Let \(Y = \sum\limits_{i=1}{k} X_i\). Then \(Y\sim\)Binomial\((\sum\limits_{i=1}^{k}n_i,\pi)\).

Proof:

\[\begin{aligned} M_Y(t) &= E(e^{tY}) \\ &= E(e^{t(x_1 + X_2 + \cdots + X_k)} \\ &= E(e^{tX_1} e^{tX_2} \cdots e^{tX_k}) \\ &= E(e^{tX_1}) E(e^{tX_2}) \cdots E(e^{tX_k}) \\ &= \prod\limits_{i=1}^{k} [(1-\pi)+\pi e^t]^{n_i} \\ &= [(1-\pi)+\pi e^t]^{\sum\limits_{i=1}^{k}n_i} \end{aligned}\]

Which is the mgf of a Binomial random variable with parameters \(\sum\limits_{i=1}^{k}n_i\) and \(\pi\).
Thus \(Y\sim\)Binomial\((\sum\limits_{i=1}^{k}n_i,\pi)\).

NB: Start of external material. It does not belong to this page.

(* Assume $\mathfrak p=\mathfrak p_1\oplus\mathfrak p_2$ with $\mathfrak p_1,\mathfrak p_2$ $\mathrm{Ad}(K)$-irreducible and inequivalent, that $g_B$ is Einstein, $d_1=d_2$, $[111]=[222]$ and $[112]=[122]>0$. Then $g_B$ is a global maximum of $\mathrm{scal}|_{\mathcal M_1^G}$ if and only if $g_B$ is the unique $G$-invariant Einstein metric on $G/K$ up to scaling. Otherwise $g_B$ is a local minimum of $\mathrm{scal}|_{\mathcal M_1^G}$ and there exist exactly two other unit-volume $G$-invariant Einstein metrics, both local maxima of $\mathrm{scal}|_{\mathcal M_1^G}$, at least one of them a global maximum.
   Context: Let $G$ be a compact connected semisimple Lie group with Lie algebra $\mathfrak g$ and Killing form $B$, $K\subset G$ a closed subgroup with Lie algebra $\mathfrak k$, $\mathfrak p$ the $B$-orthogonal complement of $\mathfrak k$, and $g_B$ the standard metric on $G/K$, given on $\mathfrak p$ by $\langle\cdot,\cdot\rangle=-B|_{\mathfrak p\times\mathfrak p}$. For a $\langle\cdot,\cdot\rangle$-orthogonal decomposition $\mathfrak p=\mathfrak p_1\oplus\dots\oplus\mathfrak p_r$ into $\mathrm{Ad}(K)$-invariant subspaces with $d_i=\dim\mathfrak p_i$, the structural constants are $[ijk]=\sum_{\alpha,\beta,\gamma}\langle[X^i_\alpha,X^j_\beta],X^k_\gamma\rangle^2$, where $\{X^i_\alpha\}$ is an orthonormal basis of $\mathfrak p_i$; they are symmetric in $i,j,k$. When $\mathfrak p=\mathfrak p_1\oplus\mathfrak p_2$ with inequivalent irreducible summands, every $G$-invariant metric is of the form $x_1\langle\cdot,\cdot\rangle|_{\mathfrak p_1}+x_2\langle\cdot,\cdot\rangle|_{\mathfrak p_2}$ with $x_1,x_2>0$. $\mathcal M_1^G$ denotes the set of unit-volume $G$-invariant metrics (volume normalized as that of $g_B$) and $\mathrm{scal}$ the scalar curvature function on it; its critical points are exactly the $G$-invariant Einstein metrics. *)

From Stdlib Require Import Reals.
Open Scope R_scope.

4.6.3 Sum of Bernoulli Random Variables

Let \(X_1,X_2,\ldots,X_n\) be independent and identically distributed random variables from a Bernoulli distribution with parameter \(\pi\). Let \(Y = \sum\limits_{i=1}^{n}X_i\).
Then \(Y\sim\)Binomial\((n,\pi)\)

Proof: \[\begin{aligned} M_Y(t) &= E(e^{tY}) \\ &= E(e^{tX_1} e^{tX_2} \cdots e^{tX_n}) \\ &= E(e^{tX_1}) E(e^{tX_2}) \cdots E(e^{tX_n}) \\ &= (\pi e^t+(1-\pi))(\pi e^t+(1-\pi))\cdots (\pi e^t+(1-\pi)) \\ &= (\pi e^t+(1-\pi))^n \end{aligned}\]

Which is the mgf of a Binomial random variable with parameters \(n\) and \(\pi\). Thus, \(Y\sim\) Binomial\((n,\pi)\).